BEGIN
(* For every set of formulas $\Gamma$ and formula $\varphi$: $\Gamma\vdash_{\mathsf{NeL}+\{\mathrm{I}\}}\varphi$ iff $\Gamma\models_{\mathfrak{N}_w^{\mathrm{I}}}\varphi$, where (I) is the rule scheme $\varphi\Rightarrow\varphi^{*}\vdash\psi$ and $\mathfrak{N}_w^{\mathrm{I}}$ is the class of $\mathfrak{N}_w$-models $(\mathbf A,\perp,\{\mathsf{t},\mathsf{f}\})$ such that for all $x,y\in A$, $x\perp x$ implies $x=y$.
   Context: Formulas are built from a countably infinite set of variables using binary $\otimes,\circ$ and unary ${}^{*}$; $\mathbf{Fm}$ is the formula algebra. Abbreviations (also term operations): $\varphi\Rightarrow\psi:=(\varphi\circ\psi^{*})^{*}$; $\varphi\Leftrightarrow\psi:=(\varphi\Rightarrow\psi)\otimes(\psi\Rightarrow\varphi)$; $\varphi\not\Leftrightarrow\psi:=(\varphi\Leftrightarrow\psi)^{*}$; $\varphi\not\Leftrightarrow\psi\not\Leftrightarrow\chi:=((\varphi\not\Leftrightarrow\psi)\otimes(\varphi\not\Leftrightarrow\chi))\otimes(\psi\not\Leftrightarrow\chi)$. $\mathsf{NeL}$: axiom schemes (A1) $\varphi\Rightarrow\varphi$; (A2) $(\varphi\circ\psi)\Rightarrow(\psi\circ\varphi)$; (A3) $\varphi\Rightarrow\varphi^{**}$; (A4) $(\varphi\Rightarrow\psi)\Rightarrow(\varphi\circ\psi)$; (A5) $(\varphi\otimes\psi)\Leftrightarrow(\psi\otimes\varphi)$; (A6) $((\varphi\otimes\psi)\Rightarrow\chi)\Rightarrow((\varphi\otimes\chi^{*})\Rightarrow\psi^{*})$; (A7) $(\varphi\not\Leftrightarrow\psi\not\Leftrightarrow\chi)\Rightarrow((\varphi\Rightarrow\psi)\Rightarrow((\psi\Rightarrow\chi)\Rightarrow(\varphi\Rightarrow\chi)))$; rules on arbitrary formulas: $\varphi\Rightarrow\psi,\varphi/\psi$; $\varphi,\psi/\varphi\otimes\psi$; $\varphi\Leftrightarrow\psi,\chi/\chi'$ ($\chi'$ from $\chi$ replacing one or more occurrences of $\varphi$ by $\psi$); $\varphi\otimes\psi/\varphi$. $\mathsf{NeL}+\{\mathrm{I}\}$ adds the rule scheme (I). A weak $\mathcal{N}$-algebra is an algebra $(A,\otimes,\circ,{}^{*})$ of type $(2,2,1)$ with $\otimes,\circ$ commutative, $x^{**}=x$, $(x\otimes y)\circ z=(x\otimes z)\circ y$. With $\mathsf{t}\ne\mathsf{f}$ symbols not in $A$, $\overline A=A\cup\{\mathsf{t},\mathsf{f}\}$, an $\mathfrak{N}_w$-model is $(\mathbf A,\perp,\{\mathsf{t},\mathsf{f}\})$, $\mathbf A$ a weak $\mathcal{N}$-algebra, $\perp\subseteq\overline A\times\overline A$, such that for all $x,y,z\in A$: (a) $x\perp x^{*}$; (b) $x\perp y^{*}$ and $y\perp x^{*}$ imply $x=y$; (c) $x\perp y$ iff $x\circ y\perp\mathsf{t}$; (d) $x\perp\mathsf{t}$ iff $x^{*}\perp\mathsf{f}$; (e) $x\perp\mathsf{f}$ and $y\perp\mathsf{f}$ iff $x\otimes y\perp\mathsf{f}$; (f) $(x\circ y^{*})^{*}\perp(x\circ y)^{*}$; (g) $x\perp y$ and $x\perp\mathsf{f}$ imply $y\perp\mathsf{t}$; (h) $(x\not\Leftrightarrow y\not\Leftrightarrow z)\perp((x\Rightarrow y)\Rightarrow((y\Rightarrow z)\Rightarrow(x\Rightarrow z)))^{*}$. $F_\perp=\{a\in A:a\perp\mathsf{f}\}$. For a class $K$ of such models, $\Gamma\models_K\varphi$ iff there is a finite $\Gamma'\subseteq\Gamma$ such that for every model in $K$ and every homomorphism $h:\mathbf{Fm}\to\mathbf A$, $h(\Gamma')\subseteq F_\perp$ implies $h(\varphi)\in F_\perp$. *)

From Stdlib Require Import List.
Import ListNotations.

Inductive fm : Type :=
| Var : nat -> fm
| Tens : fm -> fm -> fm
| Circ : fm -> fm -> fm
| Star : fm -> fm.

Definition Imp (a b : fm) : fm := Star (Circ a (Star b)).
Definition Iff (a b : fm) : fm := Tens (Imp a b) (Imp b a).
Definition NIff (a b : fm) : fm := Star (Iff a b).
Definition NIff3 (a b c : fm) : fm :=
  Tens (Tens (NIff a b) (NIff a c)) (NIff b c).

Inductive repl0 (p q : fm) : fm -> fm -> Prop :=
| r0_refl c : repl0 p q c c
| r0_here : repl0 p q p q
| r0_tens a a' b b' : repl0 p q a a' -> repl0 p q b b' -> repl0 p q (Tens a b) (Tens a' b')
| r0_circ a a' b b' : repl0 p q a a' -> repl0 p q b b' -> repl0 p q (Circ a b) (Circ a' b')
| r0_star a a' : repl0 p q a a' -> repl0 p q (Star a) (Star a').

Inductive repl1 (p q : fm) : fm -> fm -> Prop :=
| r1_here : repl1 p q p q
| r1_tensl a a' b b' : repl1 p q a a' -> repl0 p q b b' -> repl1 p q (Tens a b) (Tens a' b')
| r1_tensr a a' b b' : repl0 p q a a' -> repl1 p q b b' -> repl1 p q (Tens a b) (Tens a' b')
| r1_circl a a' b b' : repl1 p q a a' -> repl0 p q b b' -> repl1 p q (Circ a b) (Circ a' b')
| r1_circr a a' b b' : repl0 p q a a' -> repl1 p q b b' -> repl1 p q (Circ a b) (Circ a' b')
| r1_star a a' : repl1 p q a a' -> repl1 p q (Star a) (Star a').

Inductive derivI (Γ : fm -> Prop) : fm -> Prop :=
| d_hyp a : Γ a -> derivI Γ a
| d_A1 a : derivI Γ (Imp a a)
| d_A2 a b : derivI Γ (Imp (Circ a b) (Circ b a))
| d_A3 a : derivI Γ (Imp a (Star (Star a)))
| d_A4 a b : derivI Γ (Imp (Imp a b) (Circ a b))
| d_A5 a b : derivI Γ (Iff (Tens a b) (Tens b a))
| d_A6 a b c : derivI Γ (Imp (Imp (Tens a b) c) (Imp (Tens a (Star c)) (Star b)))
| d_A7 a b c : derivI Γ (Imp (NIff3 a b c)
                          (Imp (Imp a b) (Imp (Imp b c) (Imp a c))))
| d_MP a b : derivI Γ (Imp a b) -> derivI Γ a -> derivI Γ b
| d_adj a b : derivI Γ a -> derivI Γ b -> derivI Γ (Tens a b)
| d_repl a b c c' : repl1 a b c c' -> derivI Γ (Iff a b) -> derivI Γ c -> derivI Γ c'
| d_simp a b : derivI Γ (Tens a b) -> derivI Γ a
| d_I a b : derivI Γ (Imp a (Star a)) -> derivI Γ b.

Record weakNAlg : Type := {
  car :> Type;
  otens : car -> car -> car;
  ocirc : car -> car -> car;
  ostar : car -> car;
  tens_comm : forall x y, otens x y = otens y x;
  circ_comm : forall x y, ocirc x y = ocirc y x;
  star_inv : forall x, ostar (ostar x) = x;
  tens_circ : forall x y z, ocirc (otens x y) z = ocirc (otens x z) y
}.

Section Ops.
Variable A : weakNAlg.
Definition aimp (x y : A) : A := ostar A (ocirc A x (ostar A y)).
Definition aiff (x y : A) : A := otens A (aimp x y) (aimp y x).
Definition aniff (x y : A) : A := ostar A (aiff x y).
Definition aniff3 (x y z : A) : A :=
  otens A (otens A (aniff x y) (aniff x z)) (aniff y z).
End Ops.

Inductive ext (A : Type) : Type :=
| El : A -> ext A
| Tt : ext A
| Ff : ext A.
Arguments El {A} _.
Arguments Tt {A}.
Arguments Ff {A}.
Lemma coarse_EDF_refine (a k : X) : a \in K -> k \in K :\ a ->
  exists f1 : X -> R, [/\ coarse_EDF S (K :\ a) f1, {in ~: K, f1 =1 f} &
                          \sum_(x in K) f1 x = \sum_(x in K) f x].
Proof.
move=> aK kKa; have kK : k \in K := subsetP (subD1set K a) k kKa.
have aK1 : [set a] \subset K by rewrite sub1set.
have [t Ht] := coarse_EDF_split aK1.
set d := t - f a.
(* f1 moves the mass d from k to a: its sums agree with those of f over every
   set that holds both a and k or neither. *)
pose f1 x := f x + (if x == a then d else 0) - (if x == k then d else 0).
have sum_f1 (A : {set X}) : \sum_(x in A) f1 x =
    \sum_(x in A) f x + (if a \in A then d else 0) - (if k \in A then d else 0).
  by rewrite sumrB big_split /= !sum_eq_delta.
have f1_off : {in ~: K, f1 =1 f}.
  move=> x /[!inE] xNK; rewrite /f1.
  have /negPf -> : x != a by apply: contraNneq xNK => ->.
  have /negPf -> : x != k by apply: contraNneq xNK => ->.
  by rewrite addr0 subr0.
exists f1; split => //; last by rewrite sum_f1 aK kK addrK.
move=> A dA; have kNA := disjointFl dA kKa.
have kAK : k \in A :|: K :\ a by rewrite inE kKa orbT.
have [aA|aNA] := boolP (a \in A); last first.
  have dAK : [disjoint A & K].
    rewrite disjoints_subset; apply/subsetP => z zA; rewrite inE; apply/negP => zK.
    have zKa : z \in K :\ a by rewrite !inE zK andbT; apply: contraNneq aNA => <-.
    by rewrite (disjointFl dA zKa) in zA.
  have aNAK : a \in A :|: K :\ a = false by rewrite !inE (negPf aNA) eqxx.
  have [fA_le fAK_le] := Ht A dAK.
  rewrite !sum_f1 (negPf aNA) aNAK kNA kAK sum_setU_disjoint // !addr0 subr0.
  split; first by case: (fK dAK).
  by move: fAK_le; rewrite (big_setD1 a aK) /= /d; congr (`|_| <= _); lra.
set A0 := A :\ a.
have dA0K : [disjoint A0 & K].
  rewrite disjoints_subset; apply/subsetP => z; rewrite !inE => /andP[za zA].
  by apply/negP => zK; rewrite (disjointFl dA (_ : z \in K :\ a)) ?inE ?za ?zK in zA.
have eA : A0 :|: [set a] = A by rewrite setUC setD1K.
have eAK : A :|: K :\ a = A0 :|: K.
  by apply/setP => z; rewrite !inE; case: (eqVneq z a) => [->|]; rewrite ?aA ?aK ?orbT.
have [fA_le _] := Ht A0 dA0K; have [_ fA0K_le] := fK dA0K.
have aAK : a \in A :|: K :\ a by rewrite inE aA.
rewrite !sum_f1 aA kNA aAK kAK addrK eAK subr0; split => //.
by move: fA_le; rewrite eA (big_setD1 a aA) /= /d; congr (`|_| <= _); lra.
Qed.

End Refinement.

Lemma coarse_EDF_extend (R : realFieldType) (X : finType) (S : {set X} -> R)
    (K : {set X}) (f : X -> R) :
  entropy_function S -> coarse_EDF S K f ->
  exists f' : X -> R, [/\ EDF S f', {in ~: K, f' =1 f} &
                          \sum_(x in K) f' x = \sum_(x in K) f x].
Proof.
move=> HS; have [n] := ubnP #|K|; elim: n K f => [|n IH] K f; first by rewrite ltn0.
move=> ltKn fK.
have [K_le1|K_gt1] := leqP #|K| 1.
  by exists f; split => //; apply: coarse_EDF_small K_le1 fK.
have [a aK] : exists a, a \in K by apply/card_gt0P; apply: ltnW.
have [k kKa] : exists k, k \in K :\ a.
  by apply/card_gt0P; rewrite (cardsD1 a K) aK in K_gt1.
have [f1 [f1K f1_off f1_sum]] := coarse_EDF_refine HS fK aK kKa.
have ltKan : (#|K :\ a| < n)%N by rewrite (cardsD1 a K) aK add1n ltnS in ltKn.
have [f' [Ef' f'_off f'_sum]] := IH _ _ ltKan f1K.
exists f'; split => //.
  move=> x xNK; rewrite f'_off ?f1_off //.
  by rewrite !inE in xNK *; rewrite (negPf xNK) andbF.
rewrite (big_setD1 a aK) f'_sum f'_off ?inE ?eqxx //.
by rewrite -(big_setD1 a aK) f1_sum.
Qed.

Section Coarsening.
Variables (X : finType) (X' : {set X}).

Lemma coreY_subset (B : {set Ytype X'}) : coreY B \subset X'.
Proof. by apply/subsetP => _ /imsetP[y _ ->]; apply: valP. Qed.

Lemma sum_Mmap (R : realFieldType) (f : X -> R) (B : {set Ytype X'}) :
  \sum_(y in B) Mmap f y =
  \sum_(x in coreY B) f x + (if None \in B then \sum_(x in ~: X') f x else 0).
Proof.
rewrite big_mkcond sum_option /= addrC; congr (_ + _).
rewrite /coreY big_imset /=; last by move=> x y _ _; apply: val_inj.
by rewrite [RHS]big_mkcond; apply: eq_bigr => z _; rewrite inE.
Qed.

Lemma EDF_Tfun_Mmap (R : realFieldType) (S : {set X} -> R) (f : X -> R) :
  EDF (Tfun S) (Mmap (X' := X') f) <-> coarse_EDF S (~: X') f.
Proof.
split => [Ef A dA | fX' B].
  have AX' : A \subset X' by rewrite -(setCK X') -disjoints_subset.
  pose B b := [set y : Ytype X' | if y is Some z then val z \in A else b].
  have coreB b : coreY (B b) = A.
    apply/setP => x; apply/imsetP/idP => [[z]|xA]; first by rewrite !inE => zA ->.
    by exists (exist _ x (subsetP AX' x xA)); rewrite ?inE.
  have := Ef (B true); have := Ef (B false).
  by rewrite !sum_Mmap /Tfun !coreB /B !inE /= addr0 -sum_setU_disjoint.
have dB : [disjoint coreY B & ~: X'] by rewrite disjoints_subset setCK coreY_subset.
have [fB fBX'] := fX' _ dB.
by rewrite sum_Mmap /Tfun; case: (None \in B); rewrite ?addr0 // -sum_setU_disjoint.
Qed.

Lemma Tfun_set1_None (R : realFieldType) (S : {set X} -> R) :
  Tfun S [set None : Ytype X'] = S (~: X').
Proof.
rewrite /Tfun set11 (_ : coreY _ = set0) ?set0U //.
by apply/setP => x; rewrite inE; apply/imsetP => -[y]; rewrite !inE.
Qed.

Lemma Mmap_lift (R : realFieldType) (g : Ytype X' -> R) :
  (~: X' = set0 -> g None = 0) -> exists f : X -> R, g =1 Mmap f.
Proof.
move=> gNone; pose f0 x := if insub x is Some y then g (Some y) else 0.
have f0_X' (y : subX X') : f0 (val y) = g (Some y) by rewrite /f0 valK.
have f0_off x : x \in ~: X' -> f0 x = 0 by rewrite inE => xNX'; rewrite /f0 insubN.
have [X'C0|[r rX']] := set_0Vmem (~: X').
  exists f0 => -[y|] /=; first by rewrite f0_X'.
  by rewrite X'C0 big_set0 gNone.
exists (fun x => f0 x + (if x == r then g None else 0)) => -[y|] /=.
  rewrite f0_X'; case: eqP => [yr|]; last by rewrite addr0.
  by move: (valP y) rX'; rewrite /= yr inE => ->.
by rewrite big_split /= big1 // add0r sum_eq_delta rX'.
Qed.

End Coarsening.

Unset Implicit Arguments.
Set Strict Implicit.

Theorem corollary25 (R : realFieldType) (X : finType) (S : {set X} -> R)
  (X' : {set X}) :
  entropy_function S ->
  forall g : Ytype X' -> R,
    EDF (Tfun S) g <-> exists f : X -> R, EDF S f /\ (forall y, g y = Mmap f y).
Proof.
move=> HS g; split => [Eg | [f [Ef gf]]]; last first.
  by apply: eq_EDF (fun y => esym (gf y)) _; apply/EDF_Tfun_Mmap/EDF_coarse.
have [S0 _ _ _] := HS.
have [f0 gf0] : exists f0, g =1 Mmap f0.
  apply: Mmap_lift => X'C0; apply/eqP.
  by have := Eg [set None]; rewrite big_set1 Tfun_set1_None X'C0 S0 normr_le0.
have /EDF_Tfun_Mmap f0X' := eq_EDF gf0 Eg.
have [f [Ef f_X' f_sum]] := coarse_EDF_extend HS f0X'.
exists f; split => // -[y|] /=; rewrite gf0 /=; last by rewrite f_sum.
by rewrite f_X' // setCK; apply: valP.
Qed.
(* Equality of mixed partials turns the u-derivative of theta_t into the t-derivative of
   [curvature_density]: this is the identity d/dt (k ds) = d/du (theta_t). *)
Lemma is_derive_tangent_angle_dt :
  is_derive (fun v => tangent_angle_dt X Y v t) u (curvature_density_dt X Y u t).
Proof.
  assert (H := speed2_pos _ _ _ _ Hs).
  assert (EX : Derive (fun v => dt (du X) v t) u = dt (du (du X)) u t)
    by (apply (smooth_strip_du_dt_comm a); [apply smooth_strip_du|]; assumption).
  assert (EY : Derive (fun v => dt (du Y) v t) u = dt (du (du Y)) u t)
    by (apply (smooth_strip_du_dt_comm a); [apply smooth_strip_du|]; assumption).
  unfold tangent_angle_dt, curvature_density_dt, cross_u_uu, speed2 in *.
  auto_derive.
  - ex_derive_partial smooth_strip_ex_derive_u. lra.
  - rewrite EX, EY. change (Derive (fun v => du X v t) u) with (du (du X) u t).
    change (Derive (fun v => du Y v t) u) with (du (du Y) u t). field. lra.
Qed.

Lemma is_derive_speed : is_derive (fun s => speed X Y u s) t (speed_dt X Y u t).
Proof.
  assert (H := speed2_pos _ _ _ _ Hs).
  unfold speed_dt. unfold speed, speed2 in *.
  auto_derive.
  - ex_derive_partial smooth_strip_ex_derive_t. lra.
  - unfold dt.
    replace (du X u t * (du X u t * 1) + du Y u t * (du Y u t * 1))
      with (du X u t ^ 2 + du Y u t ^ 2) by ring.
    field. lra.
Qed.

(* Normal motion keeps <gamma_u, gamma_t> = 0 for all u; differentiating this in u
   expresses <gamma_u, gamma_ut> through <gamma_uu, gamma_t>, which is a curvature term. *)
Lemma speed_dt_normal_flow (sigma1 sigma2 : R) :
  (forall v, is_derive (fun s => X v s) t ((sigma1 * curv X Y v t + sigma2) * nux X Y v t) /\
     is_derive (fun s => Y v s) t ((sigma1 * curv X Y v t + sigma2) * nuy X Y v t)) ->
  speed_dt X Y u t = - ((sigma1 * curv X Y u t + sigma2) * curv X Y u t * speed X Y u t).
Proof.
  intros Hfl.
  assert (HtX : forall v, dt X v t = (sigma1 * curv X Y v t + sigma2) * nux X Y v t)
    by (intro v; apply is_derive_unique, Hfl).
  assert (HtY : forall v, dt Y v t = (sigma1 * curv X Y v t + sigma2) * nuy X Y v t)
    by (intro v; apply is_derive_unique, Hfl).
  assert (Horth : forall v, du X v t * dt X v t + du Y v t * dt Y v t = 0).
  { intro v. rewrite HtX, HtY. unfold nux, nuy, tanx, tany, Rdiv. ring. }
  assert (Hdorth : is_derive (fun v => du X v t * dt X v t + du Y v t * dt Y v t) u
     (du (du X) u t * dt X u t + du X u t * du (dt X) u t
      + (du (du Y) u t * dt Y u t + du Y u t * du (dt Y) u t))).
  { auto_derive; [ex_derive_partial smooth_strip_ex_derive_u | unfold du; ring]. }
  assert (Hsum : du (du X) u t * dt X u t + du X u t * du (dt X) u t
      + (du (du Y) u t * dt Y u t + du Y u t * du (dt Y) u t) = 0).
  { rewrite <- (is_derive_unique _ _ _ Hdorth), (Derive_ext _ (fun _ => 0)) by apply Horth.
    apply Derive_const. }
  unfold speed_dt. rewrite <- (smooth_strip_du_dt_comm a X), <- (smooth_strip_du_dt_comm a Y)
    by assumption.
  replace (2 * du X u t * du (dt X) u t + 2 * du Y u t * du (dt Y) u t) with
    (- 2 * (du (du X) u t * dt X u t + du (du Y) u t * dt Y u t)) by lra.
  rewrite HtX, HtY. unfold curv, nux, nuy, tanx, tany. field. lra.
Qed.

End AtRegularPoint.

Hypothesis Hreg : forall u t, 0 <= t -> 0 < speed X Y u t.
Hypothesis Ha : a < 0.

Lemma continuity_2d_pt_curv_mul_speed u t : 0 <= t ->
  continuity_2d_pt (fun u t => curv X Y u t * speed X Y u t) u t.
Proof.
  intros Ht. apply continuity_2d_pt_mult;
    [apply continuity_2d_pt_curv | apply continuity_2d_pt_speed]; auto; lra.
Qed.

Lemma ex_RInt_curv_mul_speed t : 0 <= t -> ex_RInt (fun u => curv X Y u t * speed X Y u t) 0 1.
Proof.
  intros Ht. apply (ex_RInt_continuous (V := R_CompleteNormedModule)). intros z _.
  apply (continuity_2d_pt_continuous_fst (fun u t => curv X Y u t * speed X Y u t)).
  apply continuity_2d_pt_curv_mul_speed, Ht.
Qed.

Lemma curve_length_nonneg t : 0 <= t -> 0 <= curve_length X Y t.
Proof.
  intros Ht. apply RInt_ge_0; [lra | | intros; apply sqrt_pos].
  apply (ex_RInt_continuous (V := R_CompleteNormedModule)). intros z _.
  apply (continuity_2d_pt_continuous_fst (speed X Y)), continuity_2d_pt_speed; lra.
Qed.

(* Parametric differentiation needs a neighbourhood of regular times, which [t = 0]
   lacks, so the argument starts at some [s > 0] instead. *)
Lemma total_curvature_pos_right :
  0 < total_curvature X Y 0 -> exists s, 0 < s /\ 0 < total_curvature X Y s.
Proof.
  intros H0. assert (He : 0 < total_curvature X Y 0 / 2) by lra.
  destruct (RInt_param_continuous_slices (fun u t => curv X Y u t * speed X Y u t) 0 1 0)
    with (eps := mkposreal _ He) as [d Hd]; [lra | intros; apply continuity_2d_pt_curv_mul_speed; lra |].
  assert (Hd0 := cond_pos d). exists (d / 2). split; [lra |].
  assert (Hclose := Hd (d / 2) ltac:(rewrite Rminus_0_r, Rabs_pos_eq; lra)
                                (ex_RInt_curv_mul_speed (d / 2) ltac:(lra))).
  apply Rabs_le_between in Hclose. simpl pos in Hclose. unfold total_curvature in *. lra.
Qed.

Hypotheses (HperX : forall u t, X (u + 1) t = X u t) (HperY : forall u t, Y (u + 1) t = Y u t).

Lemma tangent_angle_dt_periodic u t : tangent_angle_dt X Y (u + 1) t = tangent_angle_dt X Y u t.
Proof.
  unfold tangent_angle_dt, speed2.
  rewrite !(du_periodic X), !(du_periodic Y), !(dt_periodic (du X)), !(dt_periodic (du Y));
    try apply du_periodic; try assumption.
  reflexivity.
Qed.

Lemma is_derive_total_curvature t : 0 < t -> is_derive (total_curvature X Y) t 0.
Proof.
  intros Ht.
  apply (is_derive_ext_loc (fun s => RInt (fun u => curvature_density X Y u s) 0 1)).
  { apply (filter_imp (fun y => 0 < y)); [|apply open_gt, Ht].
    intros y Hy. apply RInt_ext. intros u _. symmetry. apply curv_mul_speed, Hreg. lra. }
  assert (Hreg' : forall u s, 0 < s -> a < s /\ 0 < speed X Y u s)
    by (intros u s Hs; split; [lra | apply Hreg; lra]).
  assert (Hflux : RInt (fun u => curvature_density_dt X Y u t) 0 1 = 0).
  { destruct (Hreg' 0 t Ht) as [Hat _].
    rewrite (RInt_ext _ (Derive (fun v => tangent_angle_dt X Y v t))).
    2:{ intros u _. symmetry. apply is_derive_unique, is_derive_tangent_angle_dt, Hreg'; assumption. }
    rewrite RInt_Derive.
    - replace 1 with (0 + 1) at 1 by ring. rewrite tangent_angle_dt_periodic.
      apply Rminus_diag_eq. reflexivity.
    - intros x _. eexists. apply is_derive_tangent_angle_dt, Hreg'; assumption.
    - intros x _. apply (continuous_ext (fun v => curvature_density_dt X Y v t)).
      + intro v. symmetry. apply is_derive_unique, is_derive_tangent_angle_dt, Hreg'; assumption.
      + apply (continuity_2d_pt_continuous_fst (curvature_density_dt X Y)),
          continuity_2d_pt_curvature_density_dt, Hreg'; assumption. }
  assert (Hd : is_derive (fun s => RInt (fun u => curvature_density X Y u s) 0 1) t
                  (RInt (fun u => curvature_density_dt X Y u t) 0 1)).
  { apply (is_derive_RInt_param_halfline _ _ 0 1 0 t Ht); intros u s Hs; destruct (Hreg' u s Hs).
    - apply is_derive_curvature_density; assumption.
    - apply continuity_2d_pt_curvature_density_dt; assumption.
    - apply continuity_2d_pt_curvature_density; assumption. }
  rewrite Hflux in Hd. exact Hd.
Qed.

Lemma total_curvature_const s t : 0 < s <= t -> total_curvature X Y t = total_curvature X Y s.
Proof.
  intros Hst.
  assert (Hd : forall x, s <= x <= t -> is_derive (total_curvature X Y) x 0)
    by (intros x Hx; apply is_derive_total_curvature; lra).
  assert (Hle := increment_le_of_is_derive_le (total_curvature X Y) (fun _ => 0) s t 0
    ltac:(lra) Hd ltac:(intros; lra)).
  assert (Hge := increment_le_of_is_derive_le (fun x => - total_curvature X Y x) (fun _ => 0) s t 0
    ltac:(lra) ltac:(intros x Hx; rewrite <- Ropp_0; apply (is_derive_opp (total_curvature X Y)), Hd, Hx)
    ltac:(intros; lra)).
  lra.
Qed.

Lemma is_derive_curve_length t : 0 < t ->
  is_derive (curve_length X Y) t (RInt (fun u => speed_dt X Y u t) 0 1).
Proof.
  intros Ht. apply (is_derive_RInt_param_halfline _ _ 0 1 0 t Ht); intros u s Hs.
  - apply is_derive_speed; [lra | apply Hreg; lra].
  - apply continuity_2d_pt_speed_dt; [lra | apply Hreg; lra].
  - apply continuity_2d_pt_speed; lra.
Qed.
END
▸ **EXERCISE DESCRIPTION**
Taking the entries above, write out exactly the lines starting with the line containing "intros Ht. apply continuity_2d_pt_mult;" and going on through the line containing "intros Ht. apply (ex_RInt_continuous", both included, and nothing else.

▸ **RESPONSE BELOW**
  intros Ht. apply continuity_2d_pt_mult;
    [apply continuity_2d_pt_curv | apply continuity_2d_pt_speed]; auto; lra.
Qed.

Lemma ex_RInt_curv_mul_speed t : 0 <= t -> ex_RInt (fun u => curv X Y u t * speed X Y u t) 0 1.
Proof.
  intros Ht. apply (ex_RInt_continuous (V := R_CompleteNormedModule)). intros z _.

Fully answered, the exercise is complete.